───── Source data

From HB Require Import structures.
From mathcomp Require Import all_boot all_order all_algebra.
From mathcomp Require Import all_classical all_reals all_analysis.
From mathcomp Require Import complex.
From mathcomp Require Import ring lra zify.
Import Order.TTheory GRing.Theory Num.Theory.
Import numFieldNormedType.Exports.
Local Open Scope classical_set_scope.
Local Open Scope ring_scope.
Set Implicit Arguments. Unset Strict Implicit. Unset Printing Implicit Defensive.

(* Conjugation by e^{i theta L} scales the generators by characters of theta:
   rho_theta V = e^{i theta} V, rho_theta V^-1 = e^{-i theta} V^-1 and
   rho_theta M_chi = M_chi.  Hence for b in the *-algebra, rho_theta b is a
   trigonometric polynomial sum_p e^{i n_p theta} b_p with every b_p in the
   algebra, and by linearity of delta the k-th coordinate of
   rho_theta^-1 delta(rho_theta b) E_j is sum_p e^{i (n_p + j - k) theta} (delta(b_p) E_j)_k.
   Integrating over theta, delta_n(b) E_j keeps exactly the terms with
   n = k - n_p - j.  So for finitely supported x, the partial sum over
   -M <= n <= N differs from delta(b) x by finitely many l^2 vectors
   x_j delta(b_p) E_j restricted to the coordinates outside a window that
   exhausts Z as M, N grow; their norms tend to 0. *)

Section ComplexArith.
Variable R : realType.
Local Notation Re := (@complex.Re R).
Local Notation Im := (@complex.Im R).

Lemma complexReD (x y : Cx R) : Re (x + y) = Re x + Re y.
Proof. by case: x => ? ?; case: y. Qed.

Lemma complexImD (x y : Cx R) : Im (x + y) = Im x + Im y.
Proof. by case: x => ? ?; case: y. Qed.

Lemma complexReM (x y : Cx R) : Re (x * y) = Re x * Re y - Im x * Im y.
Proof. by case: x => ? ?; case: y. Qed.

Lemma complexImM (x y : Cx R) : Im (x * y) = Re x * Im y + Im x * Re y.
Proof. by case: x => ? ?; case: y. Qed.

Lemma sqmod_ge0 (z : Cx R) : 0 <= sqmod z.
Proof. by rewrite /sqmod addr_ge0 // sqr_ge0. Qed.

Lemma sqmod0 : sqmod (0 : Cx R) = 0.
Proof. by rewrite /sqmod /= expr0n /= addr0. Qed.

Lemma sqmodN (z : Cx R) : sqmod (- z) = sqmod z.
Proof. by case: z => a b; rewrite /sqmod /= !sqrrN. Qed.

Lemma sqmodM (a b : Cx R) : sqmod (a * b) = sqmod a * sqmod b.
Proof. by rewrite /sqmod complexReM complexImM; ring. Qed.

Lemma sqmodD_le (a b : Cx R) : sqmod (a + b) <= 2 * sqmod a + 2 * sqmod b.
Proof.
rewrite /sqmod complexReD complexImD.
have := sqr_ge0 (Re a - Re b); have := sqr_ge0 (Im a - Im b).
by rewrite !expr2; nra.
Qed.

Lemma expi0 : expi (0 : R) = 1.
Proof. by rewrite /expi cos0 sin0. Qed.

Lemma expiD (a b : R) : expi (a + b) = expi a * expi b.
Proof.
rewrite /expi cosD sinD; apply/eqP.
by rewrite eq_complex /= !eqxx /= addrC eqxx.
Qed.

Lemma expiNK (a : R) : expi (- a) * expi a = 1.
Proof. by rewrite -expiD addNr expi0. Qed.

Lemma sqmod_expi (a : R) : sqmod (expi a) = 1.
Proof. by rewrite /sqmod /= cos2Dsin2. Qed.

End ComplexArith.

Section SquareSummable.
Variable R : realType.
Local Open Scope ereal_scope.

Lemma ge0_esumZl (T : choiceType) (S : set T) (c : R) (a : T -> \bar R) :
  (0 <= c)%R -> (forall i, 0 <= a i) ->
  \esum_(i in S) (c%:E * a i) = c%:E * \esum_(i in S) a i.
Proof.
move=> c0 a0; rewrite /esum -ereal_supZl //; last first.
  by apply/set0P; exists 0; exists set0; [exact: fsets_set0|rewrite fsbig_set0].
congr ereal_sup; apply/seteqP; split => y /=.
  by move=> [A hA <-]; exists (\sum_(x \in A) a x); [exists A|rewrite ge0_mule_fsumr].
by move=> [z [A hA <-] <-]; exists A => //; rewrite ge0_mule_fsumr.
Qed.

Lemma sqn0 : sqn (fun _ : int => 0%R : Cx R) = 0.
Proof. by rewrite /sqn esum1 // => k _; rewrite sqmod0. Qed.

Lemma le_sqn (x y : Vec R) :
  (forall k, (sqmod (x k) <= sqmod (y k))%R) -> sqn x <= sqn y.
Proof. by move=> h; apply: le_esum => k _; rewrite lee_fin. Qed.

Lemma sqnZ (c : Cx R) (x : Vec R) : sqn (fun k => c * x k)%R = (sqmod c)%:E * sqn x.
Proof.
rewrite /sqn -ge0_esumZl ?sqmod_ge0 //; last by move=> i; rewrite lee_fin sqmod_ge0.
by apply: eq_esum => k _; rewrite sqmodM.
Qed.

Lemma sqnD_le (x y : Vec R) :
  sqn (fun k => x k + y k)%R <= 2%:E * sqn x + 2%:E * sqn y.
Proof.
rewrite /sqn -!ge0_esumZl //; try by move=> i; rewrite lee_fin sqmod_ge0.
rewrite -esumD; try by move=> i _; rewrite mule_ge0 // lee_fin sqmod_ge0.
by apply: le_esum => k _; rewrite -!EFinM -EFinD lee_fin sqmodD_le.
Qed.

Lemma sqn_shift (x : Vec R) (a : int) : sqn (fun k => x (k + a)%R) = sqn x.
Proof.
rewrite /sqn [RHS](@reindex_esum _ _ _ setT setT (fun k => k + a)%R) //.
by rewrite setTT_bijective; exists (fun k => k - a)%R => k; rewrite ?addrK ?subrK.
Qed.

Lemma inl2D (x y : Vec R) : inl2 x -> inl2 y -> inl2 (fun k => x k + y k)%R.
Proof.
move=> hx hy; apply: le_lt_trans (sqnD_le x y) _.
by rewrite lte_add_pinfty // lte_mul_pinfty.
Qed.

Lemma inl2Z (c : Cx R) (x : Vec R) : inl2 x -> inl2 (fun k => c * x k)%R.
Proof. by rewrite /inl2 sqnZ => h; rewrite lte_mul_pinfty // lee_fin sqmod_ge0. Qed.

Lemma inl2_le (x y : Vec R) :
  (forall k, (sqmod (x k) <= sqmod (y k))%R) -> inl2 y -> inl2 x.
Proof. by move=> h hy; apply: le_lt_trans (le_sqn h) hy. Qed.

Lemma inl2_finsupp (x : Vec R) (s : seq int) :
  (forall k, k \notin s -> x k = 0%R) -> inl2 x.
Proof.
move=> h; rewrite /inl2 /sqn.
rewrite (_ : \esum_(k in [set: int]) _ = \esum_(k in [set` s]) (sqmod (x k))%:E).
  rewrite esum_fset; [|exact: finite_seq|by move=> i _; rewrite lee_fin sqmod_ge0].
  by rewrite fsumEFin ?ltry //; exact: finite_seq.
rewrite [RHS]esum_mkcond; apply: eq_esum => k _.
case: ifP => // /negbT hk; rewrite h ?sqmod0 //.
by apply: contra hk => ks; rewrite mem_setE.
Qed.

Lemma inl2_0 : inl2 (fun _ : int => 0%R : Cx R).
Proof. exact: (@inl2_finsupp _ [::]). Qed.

──────────

Problem details -> Check the lines above and copy each one that includes "Local".

Answer area ->
Local Open Scope classical_set_scope.
Local Open Scope ring_scope.
Local Notation Re := (@complex.Re R).
Local Notation Im := (@complex.Im R).
Local Open Scope ereal_scope.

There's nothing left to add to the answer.